Where is the breaking point for you?

Beyond the cost of living crisis, there are many challenging issues facing people across the UK right now. From economic uncertainty to social and political divisions, this is clearly a difficult time for the country.

In the face of these mounting pressures, at what point would you feel compelled to take more active measures such as protesting or going on strike? There still seems to be a very restrained "keep calm and carry on" mentality among many. It's hard to say what it would really take for most people to break decisively with this traditional British reticence and take to the streets or walk out in protest.

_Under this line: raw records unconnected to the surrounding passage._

Theorem theorem6 (R : realType) (V : finType) (adj : rel V) (sigma : V -> V)
  (v1 : V) (Q lambda1 lambda2 : R) (phi1 phi2 : V -> R) :
  simple_graph adj ->
  connected_graph adj ->
  graph_involution adj sigma ->
  sigma v1 != v1 ->
  2 * (max_degree adj)%:R < Q ->
  is_eigenvector adj sigma v1 Q lambda1 phi1 ->
  is_eigenvector adj sigma v1 Q lambda2 phi2 ->
  lambda2 < lambda1 ->
  (forall mu, is_eigenvalue adj sigma v1 Q mu -> mu = lambda1 \/ mu <= lambda2) ->
  unit_norm phi1 -> unit_norm phi2 ->
  0 <= phi1 v1 -> 0 <= phi2 v1 ->
  let m : R := (max_degree adj)%:R in
  Num.sqrt (2^-1 - m / (2 * Q ^+ 2)) - Num.sqrt (m / (Q - m)) <= phi1 v1 /\
  Num.sqrt (2^-1 - m / (2 * Q ^+ 2)) - Num.sqrt ((m + 1) / (Q - m - 1))
    <= phi2 v1.
Proof.
move=> [adj_sym adj_irr] conn [sigmaK sigma_adj] sigma_v1 Q_gt e1 e2 l21 gap n1 n2 a1 a2 m.
split.
  exact: (phi1_v1_lower adj_sym adj_irr conn sigmaK sigma_adj sigma_v1 Q_gt
    e1 l21 gap n1 a1).
exact: (phi2_v1_lower adj_sym adj_irr conn sigmaK sigma_adj sigma_v1 Q_gt
  e1 e2 l21 gap n1 n2 a1 a2).
Qed.
(* Let $k\geqslant 2$ be an integer and $\beta_k=\delta_3^{3k+1}\sigma_4^{2k+2}\sigma_3\sigma_4^{2k-1}\in B_5$, where $\delta_3=\sigma_2\sigma_1$. Then $\beta_k$ belongs to its own super summit set.
   Context: $B_5$ is the 5-strand braid group with standard generators $\sigma_1,\dots,\sigma_4$, positive monoid $B_5^+$, Garside element $\Delta=(\sigma_1\sigma_2\sigma_3\sigma_4)(\sigma_1\sigma_2\sigma_3)(\sigma_1\sigma_2)\sigma_1$. Simple braids are those $x$ with $x\in B_5^+$ and $x^{-1}\Delta\in B_5^+$; simple $s_1,s_2$ are left-weighted if no $\sigma_i$ makes both $s_1\sigma_i$ and $\sigma_i^{-1}s_2$ simple. Each $x$ has a unique left normal form $\Delta^px_1\cdots x_r$ (simple $x_i\neq1,\Delta$, consecutive ones left-weighted); $r$ is its canonical length. The super summit set of $x$ is the set of conjugates of $x$ of minimal canonical length. *)

(* The braid group B_5 is modelled by its standard
   presentation: words in the letters sigma_i^{+1}, sigma_i^{-1}
   (i = 1..4, stored as i-1 : 'I_4), modulo the congruence generated by
   free cancellation and the braid relations. *)
From mathcomp Require Import all_boot all_algebra.
Set Implicit Arguments. Unset Strict Implicit. Unset Printing Implicit Defensive.

(* a letter (i, true) is sigma_{i+1}, (i, false) is sigma_{i+1}^{-1} *)
Definition letter := ('I_4 * bool)%type.
Definition word := seq letter.

Inductive braid_rel : word -> word -> Prop :=
  | rel_cancel (i : 'I_4) (b : bool) : braid_rel [:: (i, b); (i, ~~ b)] [::]
  | rel_far (i j : 'I_4) : (i.+2 <= j)%N ->
      braid_rel [:: (i, true); (j, true)] [:: (j, true); (i, true)]
  | rel_near (i j : 'I_4) : (j = i.+1 :> nat) ->
      braid_rel [:: (i, true); (j, true); (i, true)]
                [:: (j, true); (i, true); (j, true)].

Inductive beq : word -> word -> Prop :=
  | beq_step (u v s t : word) : braid_rel s t -> beq (u ++ s ++ v) (u ++ t ++ v)
  | beq_refl (w : word) : beq w w
  | beq_sym (w1 w2 : word) : beq w1 w2 -> beq w2 w1
  | beq_trans (w1 w2 w3 : word) : beq w1 w2 -> beq w2 w3 -> beq w1 w3.
Lemma sum_permutations_max_split (V : nmodType) n (F : seq nat -> V) :
  \sum_(w <- permutations (n :: iota 0 n)) F w =
  \sum_(X : {set 'I_n}) \sum_(s <- permutations (nat_enum X))
     \sum_(u <- permutations (nat_enum (~: X))) F (s ++ n :: u).
Proof.
rewrite (perm_big _ (permutations_max_split n)) big_flatten big_map.
by apply: eq_bigr => X _; rewrite big_allpairs_dep.
Qed.

Section SplitAtMaximum.
Variables (R : comPzRingType) (t q : R).
Implicit Types (b : bool) (n : nat).

Definition split_weight b n (X : {set 'I_n}) : R :=
  \sum_(s <- permutations (nat_enum X)) \sum_(u <- permutations (nat_enum (~: X)))
    altw t q b 1 (s ++ n :: u).

Lemma Ahat_succ_split b n : Ahat n.+1 t q = \sum_(X : {set 'I_n}) split_weight b X.
Proof.
rewrite -{1}(size_iota 0 n.+1) -(sum_altw_permutations t q b) ?iota_uniq //.
rewrite -sum_permutations_max_split; apply/perm_big/perm_permutations.
by rewrite -addn1 iotaD add0n cats1 perm_rcons.
Qed.

Lemma split_weight_empty b n (X : {set 'I_n}) : (0 < n)%N -> #|X| = 0%N ->
  split_weight b X = (if b then 1 else t * q) * Ahat n (t * q) q.
Proof.
move=> n_gt0 X0; rewrite /split_weight.
have -> : nat_enum X = [::] by apply/eqP; rewrite -size_eq0 size_nat_enum X0.
have -> : Ahat n (t * q) q =
          \sum_(u <- permutations (nat_enum (~: X))) altw (t * q) q (~~ b) 1 u.
  by rewrite sum_altw_permutations ?nat_enum_uniq // size_nat_enum card_setC_ord X0 subn0.
rewrite big_seq1 mulr_sumr; apply: eq_big_seq => u /permutations_nat_enum_lt [].
case: u => [|z u] /=; last by case/andP => zn _ _; rewrite altw_max_head.
by move=> _ /esym; rewrite card_setC_ord X0 subn0 => n0; rewrite n0 in n_gt0.
Qed.

Lemma split_weight_full b n (X : {set 'I_n}) : (0 < n)%N -> #|X| = n ->
  split_weight b X = Ahat n t q * (if odd n (+) b then 1 else t * q ^+ n).
Proof.
move=> n_gt0 Xn; rewrite /split_weight.
have -> : nat_enum (~: X) = [::].
  by apply/eqP; rewrite -size_eq0 size_nat_enum card_setC_ord Xn subnn.
have -> : Ahat n t q = \sum_(s <- permutations (nat_enum X)) altw t q b 1 s.
  by rewrite sum_altw_permutations ?nat_enum_uniq // size_nat_enum Xn.
rewrite mulr_suml; apply: eq_big_seq => s /permutations_nat_enum_lt [].
case: s => [|x s] s_lt /= s_size; first by rewrite -Xn -s_size in n_gt0.
by rewrite big_seq1 cats1 altw_max_last // s_size Xn.
Qed.

Lemma split_weight_proper b n (X : {set 'I_n}) : (0 < #|X| < n)%N ->
  split_weight b X = Ahat #|X| t q * Ahat (n - #|X|) (t * q ^+ #|X|.+1) q *
    (if odd #|X| (+) b then 1 else t ^+ 2 * q ^+ (2 * #|X| + 1)).
Proof.
case/andP => X_gt0 X_lt; rewrite /split_weight.
have -> : Ahat #|X| t q = \sum_(s <- permutations (nat_enum X)) altw t q b 1 s.
  by rewrite sum_altw_permutations ?nat_enum_uniq // size_nat_enum.
have -> : Ahat (n - #|X|) (t * q ^+ #|X|.+1) q =
          \sum_(u <- permutations (nat_enum (~: X)))
             altw (t * q ^+ #|X|.+1) q (b (+) ~~ odd #|X|) 1 u.
  by rewrite sum_altw_permutations ?nat_enum_uniq // size_nat_enum card_setC_ord.
rewrite mulr_suml mulr_suml.
apply: eq_big_seq => s /permutations_nat_enum_lt [s_lt s_size].
rewrite mulr_sumr mulr_suml; apply: eq_big_seq => u /permutations_nat_enum_lt [u_lt u_size].
case: s s_lt s_size => [|x s] s_lt s_size; first by rewrite -s_size in X_gt0.
case: u u_lt u_size => [|z u] u_lt u_size.
  by move: X_lt; rewrite -subn_gt0 -card_setC_ord -u_size.
by rewrite altw_max_inner //= ?(andP u_lt).1 // -s_size /= negbK.
Qed.

End SplitAtMaximum.

Lemma Ahat_succ_double (R : comPzRingType) (t q : R) n :
  2%:R * Ahat n.+1 t q =
  \sum_(X : {set 'I_n}) (split_weight t q false X + split_weight t q true X).
Proof.
by rewrite mulr_natl mulr2n {1}(Ahat_succ_split _ _ false) (Ahat_succ_split _ _ true) big_split.
Qed.

Theorem theorem2p2 (R : comPzRingType) (n : nat) (t q : R) : (1 <= n)%N ->
  Ahat 1 t q = 1 /\
  2%:R * Ahat n.+1 t q =
    (1 + t * q) * Ahat n (t * q) q + (1 + t * q ^+ n) * Ahat n t q
    + \sum_(1 <= i < n) (1 + t ^+ 2 * q ^+ (2 * i + 1)) * ('C(n, i))%:R
        * Ahat i t q * Ahat (n - i) (t * q ^+ i.+1) q.
Proof.
move=> n_gt0; split; first exact: Ahat1.
rewrite Ahat_succ_double sum_set_by_card card_ord big_nat_recr //= big_ltn //= addrAC.
set G := (fun A : {set 'I_n} => split_weight t q false A + split_weight t q true A).
have -> : \sum_(X : {set 'I_n} | #|X| == 0%N) G X = (1 + t * q) * Ahat n (t * q) q.
  rewrite (sum_card_eq_const (c := (1 + t * q) * Ahat n (t * q) q)) ?card_ord ?bin0 //.
  by move=> X X0; rewrite /G !split_weight_empty //=; ring.
have -> : \sum_(X : {set 'I_n} | #|X| == n) G X = (1 + t * q ^+ n) * Ahat n t q.
  rewrite (sum_card_eq_const (c := (1 + t * q ^+ n) * Ahat n t q)) ?card_ord ?binn //.
  by move=> X Xn; rewrite /G !split_weight_full //; case: (odd n) => /=; ring.
congr (_ + _); apply: eq_big_nat => i /andP [i_gt0 i_lt].
rewrite (sum_card_eq_const (c := (1 + t ^+ 2 * q ^+ (2 * i + 1)) * Ahat i t q *
                                 Ahat (n - i) (t * q ^+ i.+1) q)) ?card_ord.
  by rewrite -mulr_natr; ring.
move=> X Xi; rewrite /G !split_weight_proper ?Xi ?i_gt0 //.
by case: (odd i) => /=; ring.
Qed.
(* Assume $M$ has genus zero. Then the law of $\omega$ under $\mathbf P$ stochastically dominates the $\mathrm{FK}(q)$ random cluster model on $\mathsf G$ with parameter $p=1-b$ and free boundary conditions (the measure on $\xi\subseteq\mathsf E$ proportional to $q^{k(\xi)}p^{|\xi|}(1-p)^{|\mathsf E\setminus\xi|}$). Analogously, the law of $\omega'$ stochastically dominates the $\mathrm{FK}(q')$ random cluster model on $\mathsf G^*$ with parameter $1-a$.
   Context: $M$ is the sphere or the plane. Let $\mathsf G=(\mathsf V,\mathsf E)$ be a finite connected graph embedded in $M$ with all faces topological discs, and $\mathsf G^*=(\mathsf U,\mathsf E^* )$ its embedded dual ($\mathsf U$ = faces of $\mathsf G$); $e^*$ is the dual edge crossing $e$, $\xi^*=\{e^*:e\in\xi\}$. Fix integers $q,q'\ge1$, finite $Q,Q'\subset\mathbb C$ with $Q=-Q$, $Q'=-Q'$, $|Q|=q$, $|Q'|=q'$, and $a,b\in(0,1]$. For $\sigma:\mathsf V\to Q$, $\eta(\sigma)\subseteq\mathsf E^*$ is the set of $e^*$ whose primal $e$ has endpoints with different $\sigma$-values; for $\sigma':\mathsf U\to Q'$, $\eta(\sigma')\subseteq\mathsf E$ is the set of $e$ whose dual $e^*$ has endpoints with different $\sigma'$-values. $\mathbf P(\sigma,\sigma')\propto a^{|\eta(\sigma')|}b^{|\eta(\sigma)|}$ on $\Sigma=\{(\sigma,\sigma'):\eta(\sigma)^*\cap\eta(\sigma')=\emptyset\}$. Percolation: given $(\sigma,\sigma')$, every edge of $\eta(\sigma')$ and every dual edge of $\eta(\sigma)$ is open; for each pair $(e,e^* )$ with $e\notin\eta(\sigma')$, $e^*\notin\eta(\sigma)$, independently: if $a+b\le1$, ($e$ open, $e^*$ closed) w.p. $a$, ($e$ closed, $e^*$ open) w.p. $b$, both open w.p. $1-a-b$; if $a+b\ge1$, ($e$ open, $e^*$ closed) w.p. $1-b$, ($e$ closed, $e^*$ open) w.p. $1-a$, both closed w.p. $a+b-1$. $\omega$, $\omega'$ are the sets of open primal and dual edges. $k(\xi)$ is the number of connected components of $(\mathsf V,\xi)$ (for dual configurations, of $(\mathsf U,\xi)$), isolated vertices included. Stochastic domination is with respect to inclusion of edge sets. *)

From HB Require Import structures.
From mathcomp Require Import all_boot all_order all_algebra.
From mathcomp Require Import fingroup perm finmap.
From mathcomp Require Import complex.
From mathcomp Require Import reals.
Set Implicit Arguments. Unset Strict Implicit. Unset Printing Implicit Defensive.
Import Order.TTheory GRing.Theory Num.Theory.
Local Open Scope ring_scope.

But it's an important question to consider - what level of economic pain, social injustice or political dysfunction would it take for you personally to abandon resignation and make your frustrations known through direct action? And what does the seemingly high threshold here say about the state of activism and unrest in modern Britain?
I'd say I've 6-8 months before I quit the NHS entirely.
There will need to be significant change within NHS provisioning of dental services within Northern Ireland within that time, or we'll just have to covert everything to private.
We're slowly evolving that direction, but have historically and morally been against switching to a fully private service.
If a new system isn't in place by next April here, it'll be the end of it, it simply isn't suitable now, it fails dentists and patients, and our politicians who have to make the decisions remain unable to attend work due to the DUP.

Once a service goes, it never returns, and the ******** cut funding by 10% last month. I've never seen such utter stupidity, coming out of a period where less was done, with a massive backlog, and they cut funding.
Scotland have a new system starting in November, if we copy that it'll be a step towards keeping people, but it won't bring any back. It'll at least stop the degradation. Anything short of that, or a half arsed implementation and I will be beyond breaking and will quit.
 
We don't like the French because everytime they have a disagreement it's normally us that suffer the most inconvenience.
 
My wife has worked in the NHS for 29yrs in various roles on the domestic services side and now as a receptionist. In that time moral has gone down to rock bottom for most as they have people in charge that have no knowledge of the job, no skills on how to communicate and pure arrogance in some cases. They have someone leave and it takes months to get a replacement so that leaves the others to take up the slack then they'll get pulled up when standard's fall. The best one is they are expected to clean a hospital with just water basically, no cleaner or bleach as they use too much and the budget isn't there for that but it is for complete refurbishment work on office spaces.
 
I keep saying if the Tories win the 2024/5 election, I'm off. It's not something I'd want anyone to hold me to, but that will be the point at which the UK has officially jumped the shark.

If we put the Tories back in after this past few years - Truss and Johnson and everything else - then there is absolutely no hope for this country's future.
 
It won't matter if Labour get in either as no party is actually capable of running the country in a way that benefits the whole of the population due to the inefficiency of the government departments.
 
It won't matter if Labour get in either as no party is actually capable of running the country in a way that benefits the whole of the population due to the inefficiency of the government departments.
The only good result would be a hung parliament where sufficient number of pro-electoral reform MPs are elected to force a coalition where FPTP gets scrapped.

Then we can stop forever being wed to a Tory/Labour dichotomy.
 
To a certain extent countries are service providers and the people it's clients. If you no longer like the service being offered then take your business elsewhere.
 
To a certain extent countries are service providers and the people it's clients. If you no longer like the service being offered then take your business elsewhere.
Except nowhere else is obliged to have you. Even less so, now. If you want to go elsewhere you have to show your chosen destination that you offer something in return, or they'll tell you to bogof.
 
Even then they won't be able to take effective action due to the nature of our way of implementing legislation. The way my history teacher explained it 45yrs ago was the first 3yrs office they are trying to get rid of the previous governments policies they then have a year to try and get their policies inplace only for us to get impatient and vote in another party and so it continues. Even when one party is in power longer, each new policy or law takes time to find its own way though the various government systems. Also put external forces in the mix and the voters take a different view of everything.